By comparing with the SDS-PAGE, in gel filtration the larger proteins elute faster because those resins have big pores. For the SDS-PAGE, there is no such thing as the pores, so small proteins wiggle their way faster than large ones and go to the bottom of the gel faster.

Western Blotting (Immunoblotting)

Western blotting is used to selectively visualize a specific protein using antibodies.

  • Procedure:

    1. Transfer: Proteins from the SDS-PAGE gel are transferred to a nitrocellulose membrane using an electric field.

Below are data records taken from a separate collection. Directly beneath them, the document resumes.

Definition free_mod (M : A -> Prop) : Prop :=
  forall (l : seq A) (c : A -> k), uniq l -> (forall x, x \in l -> M x) ->
  F (\sum_(x <- l) c x *: x) -> forall x, x \in l -> c x = 0.

Definition spanned_mod (M : A -> Prop) (s : A) : Prop :=
  exists l (c : A -> k), (forall x, x \in l -> M x) /\ F (s - \sum_(x <- l) c x *: x).

Lemma free_mod_sub (M N : A -> Prop) :
  (forall x, M x -> N x) -> free_mod N -> free_mod M.
Proof. by move=> MN freeN l c uniq_l lM; apply: freeN => // x /lM /MN. Qed.

Lemma free_modU1 (M : A -> Prop) s : free_mod M -> ~ spanned_mod M s ->
  free_mod (fun x => M x \/ x = s).
Proof.
move=> freeM nspan_s l c uniq_l lMs Fl x xl.
have [sl | snl] := boolP (s \in l); last first.
  apply: (freeM l c uniq_l) => // y yl; case: (lMs y yl) => // ys.
  by move: snl; rewrite -ys yl.
rewrite (perm_big _ (perm_to_rem sl)) big_cons /= in Fl.
set l' := rem s l in Fl.
have l'M y : y \in l' -> M y.
  rewrite /l' (mem_rem_uniq _ uniq_l) inE => /andP [ys yl].
  by case: (lMs y yl) => // /eqP; rewrite (negbTE ys).
have cs0 : c s = 0.
  (* otherwise dividing by [c s] writes [s] modulo [F] in terms of [l'] *)
  apply: NNPP => /eqP cs_neq0; apply: nspan_s.
  exists l', (fun y => - ((c s)^-1 * c y)); split=> //.
  have -> : \sum_(y <- l') - ((c s)^-1 * c y) *: y =
            - ((c s)^-1 *: \sum_(y <- l') c y *: y).
    by rewrite scaler_sumr -sumrN; apply: eq_bigr => y _; rewrite scaleNr scalerA.
  rewrite opprK -{1}[s]scale1r -(mulVf cs_neq0) -scalerA -scalerDr.
  exact: subspaceZ.
have [-> // | xs] := eqVneq x s.
rewrite cs0 scale0r add0r in Fl; apply: (freeM l' c (rem_uniq _ uniq_l) l'M Fl).
by rewrite /l' (mem_rem_uniq _ uniq_l) inE xs xl.
Qed.

Section Extension.
Variable V0 : A -> Prop.
Hypothesis freeV0 : free_mod V0.

Local Open Scope classical_set_scope.

Lemma chain_finite_bound (G : set (set A)) (l : seq A) :
  total_on G subset -> (forall x, x \in l -> (\bigcup_(X in G) X) x \/ V0 x) ->
  exists X, (X = set0 \/ G X) /\ forall x, x \in l -> X x \/ V0 x.
Proof.
move=> totG; elim: l => [|y l IH] ly.
  by exists set0; split; [left | move=> x; rewrite in_nil].
have [X [X0G lX]] : exists X, (X = set0 \/ G X) /\ forall x, x \in l -> X x \/ V0 x.
  by apply: IH => x xl; apply: ly; rewrite inE xl orbT.
have lX' x : x \in y :: l -> (x = y) \/ X x \/ V0 x.
  by rewrite inE => /orP [/eqP -> | /lX]; [left | right].
case: (ly y (mem_head _ _)) => [[Y GY Yy] | V0y]; last first.
  by exists X; split=> // x /lX' [-> | //]; right.
case: X0G lX' => [-> | GX] lX'.
  exists Y; split; [by right | move=> x /lX' [-> | [[] | ]]]; by [left | right].
case: (totG X Y GX GY) => [XY | YX].
  exists Y; split; [by right | move=> x /lX' [-> | [/XY | ]]]; by [left | right].
by exists X; split=> [| x /lX' [-> | //]]; [right | left; apply: YX].
Qed.

Lemma free_mod_chain (G : set (set A)) :
  (forall X, G X -> free_mod (X `|` V0)) -> total_on G subset ->
  free_mod ((\bigcup_(X in G) X) `|` V0).
Proof.
move=> freeG totG l c uniq_l lGV.
have [X [[-> | GX] lX]] := chain_finite_bound totG lGV.
  by apply: freeV0 => // x /lX [[] | ].
exact: (freeG X GX).
Qed.

Lemma free_mod_extension : exists M : A -> Prop,
  (forall x, V0 x -> M x) /\ free_mod M /\ forall s, spanned_mod M s.
Proof.
(* Zorn is applied to the sets [X] with [X `|` V0] free, so that the empty
   chain is admissible. *)
have [X [freeX maxX]] := Zorn_bigcup free_mod_chain.
exists (X `|` V0); split; first by move=> x; right.
split=> // s; apply: NNPP => nspan_s.
have Xs : ~ X s.
  move=> Xs; apply: nspan_s; exists [:: s], (fun _ => 1); split.
    by move=> x; rewrite inE => /eqP ->; left.
  by rewrite big_seq1 scale1r subrr; apply: subspace0.
apply: (maxX (X `|` [set s])).
  by split=> [x | /(_ s (or_intror erefl))]; [left |].
apply: free_mod_sub (free_modU1 freeX nspan_s).
by move=> x [[? | ->] | ?]; [left; left | right | left; right].
Qed.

    2. Blocking: The membrane is blocked with a protein-rich solution (e.g., milk powder) to prevent non-specific antibody binding.

    3. Primary Antibody Incubation: The membrane is incubated with a primary antibody that specifically recognizes the target protein.

    4. Washing: The membrane is washed to remove unbound antibody.

    5. Secondary Antibody Incubation: The membrane is incubated with a secondary antibody that recognizes the primary antibody and is conjugated to an enzyme.

    6. Washing: The membrane is washed to remove unbound secondary antibody.

    7. Detection: The enzyme substrate is added, producing a detectable signal (e.g., chemiluminescence) at the location of the target protein.

  • Antibodies: The primary antibody selectively binds the protein of interest, then the secondary antibody is conjugated to an enzyme, catalyzing a reaction. To selectively visualize beta proteins.

Illustration showing the steps of a western blot: transfer, blocking, primary antibody binding, secondary antibody binding, and detection.

  • Benefits:

    • Selectivity: The technique allows for the selective visualization of a single protein in a complex mixture.

    • Size Determination: It provides information about the size of the protein.

    • Relative Quantification: It allows for relative quantification of the protein.

The western blot does not depend on the activity of the proteins like the Elijah method, but does depend on having an antibody to work with. Usually those antibodies are easy to order.